It is impossible that the probability for BOTH of them went up, because the outcome is that only one will win. But despite this, some people say that switching doors increases your probability.
But with this example you can see that the outcome is that both person A and person B have an equal 50/50 chance of winning. Thr probability did NOT increase for either of them just because they switched doors. Its GOT to stay the same: the law of averages makes that clear.

So switching doors does NOT increase your chances.

The fact that one door was opened, did though. Both person A and person B's chances of winning increased from 33.3% up to 50% when the 3rd door was open revealing the donkey.
The probability stayed at 50% when they traded. You can see it this way, also:

Person A: you, the contestant
Person B: Fate

Whose to say which one "probability" is going to favor? You switch doors, and Fate automatically switches doors, also.

You both switched, and some here state that switching increases the chances of winning. But whose chances, yours or Fate's? If probability goes up for one, it has to go down for the other. If the only factor in determining who's probability goes up is switching doors, the fact that both of you switching doors makes the probability stay even.
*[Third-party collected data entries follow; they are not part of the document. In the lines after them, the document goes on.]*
Definition symbol a b : symT q m t :=
  ([ffun l => match [pick i | del b i == l] with
              | Some i => (bv b i - ((a.2 i : nat) * (q - z))%N%:R)%R
              | None => a.1 l
              end],
   [ffun i => (a.1 (del b i) - bv b i - 1)%R]).

Lemma pda_entryE a b : pda_entry a b = if nonstar a b then Some (symbol a b) else None.
Proof.
rewrite /pda_entry.
have -> : [exists i, a.1 (del b i) \in Xset z (bv b i)] = ~~ nonstar a b.
  rewrite negb_forall; apply: eq_existsb => i.
  by rewrite -leqNgt mem_Xset // ltnW.
by case: nonstar.
Qed.

Lemma del_inj b : injective (del b).
Proof. exact: increasing_inj (valP b). Qed.

Lemma pick_del b i : [pick j | del b j == del b i] = Some i.
Proof. by case: pickP => [j /eqP/del_inj -> // | /(_ i)]; rewrite eqxx. Qed.

Lemma symbol_del a b i :
  (symbol a b).1 (del b i) = (bv b i - ((a.2 i : nat) * (q - z))%N%:R)%R.
Proof. by rewrite ffunE pick_del. Qed.

Lemma symbol_off a b l : (forall i, del b i != l) -> (symbol a b).1 l = a.1 l.
Proof. by move=> off; rewrite ffunE; case: pickP => // i; rewrite (negbTE (off i)). Qed.

Lemma symbol_gap a b i : (symbol a b).2 i = gap (a.1 (del b i)) (bv b i) :> nat.
Proof. by rewrite ffunE. Qed.

Lemma symbol_del_sub a a' b b' : nonstar a b' -> symbol a b = symbol a' b' ->
  forall i, exists j, del b j = del b' i.
Proof.
move=> /forallP ns' eq_s i.
have [j /eqP eq_j | none] := pickP (fun j => del b j == del b' i); first by exists j.
have off : (symbol a b).1 (del b' i) = a.1 (del b' i).
  by apply: symbol_off => j; rewrite none.
have := code_neq0 (ns' i) (ltn_ord (a'.2 i)).
by rewrite /code -sub_gap_subr -symbol_del -eq_s off subrr eqxx.
Qed.

Lemma symbol_same_del a a' b b' : del b = del b' -> nonstar a b -> nonstar a b' ->
  symbol a b = symbol a' b' -> bv b = bv b' /\ a.2 = a'.2.
Proof.
move=> eq_del /forallP ns /forallP ns' eq_s.
suff eq_i i : bv b i = bv b' i /\ a.2 i = a'.2 i.
  by split; apply/ffunP => i; have [] := eq_i i.
have eq_code : (a.1 (del b i) - (symbol a b).1 (del b i)
                = a.1 (del b' i) - (symbol a' b').1 (del b' i))%R.
  by rewrite eq_s eq_del.
rewrite !symbol_del !sub_gap_subr in eq_code.
case/(code_inj (ns i) (ns' i) (ltn_ord _) (ltn_ord _)): eq_code => eq_gap eq_eps.
by rewrite -eq_del in eq_gap; split; [exact: gap_injr eq_gap | exact: val_inj].
Qed.

Lemma symbol_row_inj a a' b : symbol a b = symbol a' b -> a.1 = a'.1.
Proof.
move=> eq_s; apply/ffunP => l.
have [i /eqP <- | none] := pickP (fun i => del b i == l).
  by apply: (@gap_injl _ (bv b i)); rewrite -!symbol_gap eq_s.
have off i : del b i != l by rewrite none.
by rewrite -(symbol_off a off) -(symbol_off a' off) eq_s.
Qed.

Lemma symbol_inj a a' b b' : nonstar a b -> nonstar a b' ->
  symbol a b = symbol a' b' -> a = a' /\ b = b'.
Proof.
move=> ns ns' eq_s.
have eq_del : del b = del b'.
  exact: increasing_eq (valP b) (valP b') (symbol_del_sub ns' eq_s).
have [eq_bv eq_eps] := symbol_same_del eq_del ns ns' eq_s.
have eq_b : b = b'.
  by apply: val_inj; move: eq_bv eq_del; case: (val b) (val b') => [? ?] [? ?] /= -> ->.
subst b'; split=> //.
by move: (symbol_row_inj eq_s) eq_eps; case: a a' {eq_s ns ns'} => [? ?] [? ?] /= -> ->.
Qed.
(* For every positive integer $t$, $md_t \geq \left\lceil \frac{t+1}{2} \right\rceil$. Equivalently, for every voter matrix $V$ with $t$ topics there is a proposal supported by $V$ that contains at least $\lceil (t+1)/2\rceil$ entries $Y$.
   Context: Let $t$ be a positive integer (the number of topics). A voter matrix with $t$ topics is a matrix $V\in\{Y,N\}^{n\times t}$ for some positive integer $n$ (the number of voters; rows are voters), subject to the standing assumption that in every column the number of entries $Y$ is at least the number of entries $N$ (so $Y$ is the majority opinion on every topic). $\mathcal{V}_t$ denotes the set of all voter matrices with $t$ topics and any number of voters. A proposal is a vector $p\in\{Y,N\}^t$. A voter (row) $v$ supports $p$ if the Hamming distance between $v$ and $p$ is at most $t/2$. A proposal $p$ is supported by $V$ if at least $n/2$ of the rows of $V$ support $p$. The number of majority decisions of a proposal is the number of topics on which it agrees with the majority opinion, i.e. its number of entries $Y$. For $V$, $md_V$ is the maximum number $m$ such that there exists a proposal supported by $V$ with $m$ majority decisions, and $md_t=\min_{V\in\mathcal{V}_t} md_V$. *)

From mathcomp Require Import all_boot all_algebra.
Set Implicit Arguments. Unset Strict Implicit. Unset Printing Implicit Defensive.

(* Convention: entry Y is encoded as [true], entry N as [false].
   A voter matrix with n voters and t topics is a matrix 'M[bool]_(n, t)
   (rows = voters), a proposal is a row vector 'rV[bool]_t. *)

Definition colY n t (V : 'M[bool]_(n, t)) (j : 'I_t) : nat :=
  #|[set i : 'I_n | V i j]|.

(* standing assumption: Y is (weakly) the majority opinion on every topic *)
Definition voter_matrix n t (V : 'M[bool]_(n, t)) : Prop :=
  (0 < n)%N /\ forall j : 'I_t, (n <= 2 * colY V j)%N.

Definition hamming_row n t (V : 'M[bool]_(n, t)) (i : 'I_n) (p : 'rV[bool]_t) : nat :=
  #|[set j : 'I_t | V i j != p ord0 j]|.

Definition supports n t (V : 'M[bool]_(n, t)) (i : 'I_n) (p : 'rV[bool]_t) : bool :=
  (2 * hamming_row V i p <= t)%N.

Definition supported n t (V : 'M[bool]_(n, t)) (p : 'rV[bool]_t) : bool :=
  (n <= 2 * #|[set i : 'I_n | supports V i p]|)%N.

Definition majority_decisions t (p : 'rV[bool]_t) : nat :=
  #|[set j : 'I_t | p ord0 j]|.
Thus, chances remain at 50/50.

See, probability stays at 50/50 whether you switch doors or not.

Answer 11

the probability of choosing any of these doors
is
(1/3)+(1/3)+(1/3) = 1
probability of choosing the one with prize = 1/3
since the guy showed me one of the donkey rooms.. there
are 2 left and one of them has a donkey in it while the other one for sure has the prize.
so at this point it is 50/50 ..
so yes I would take my chance and go with the door i picked before.. I would do so coz I know that there is a 50% chance of it having the prize..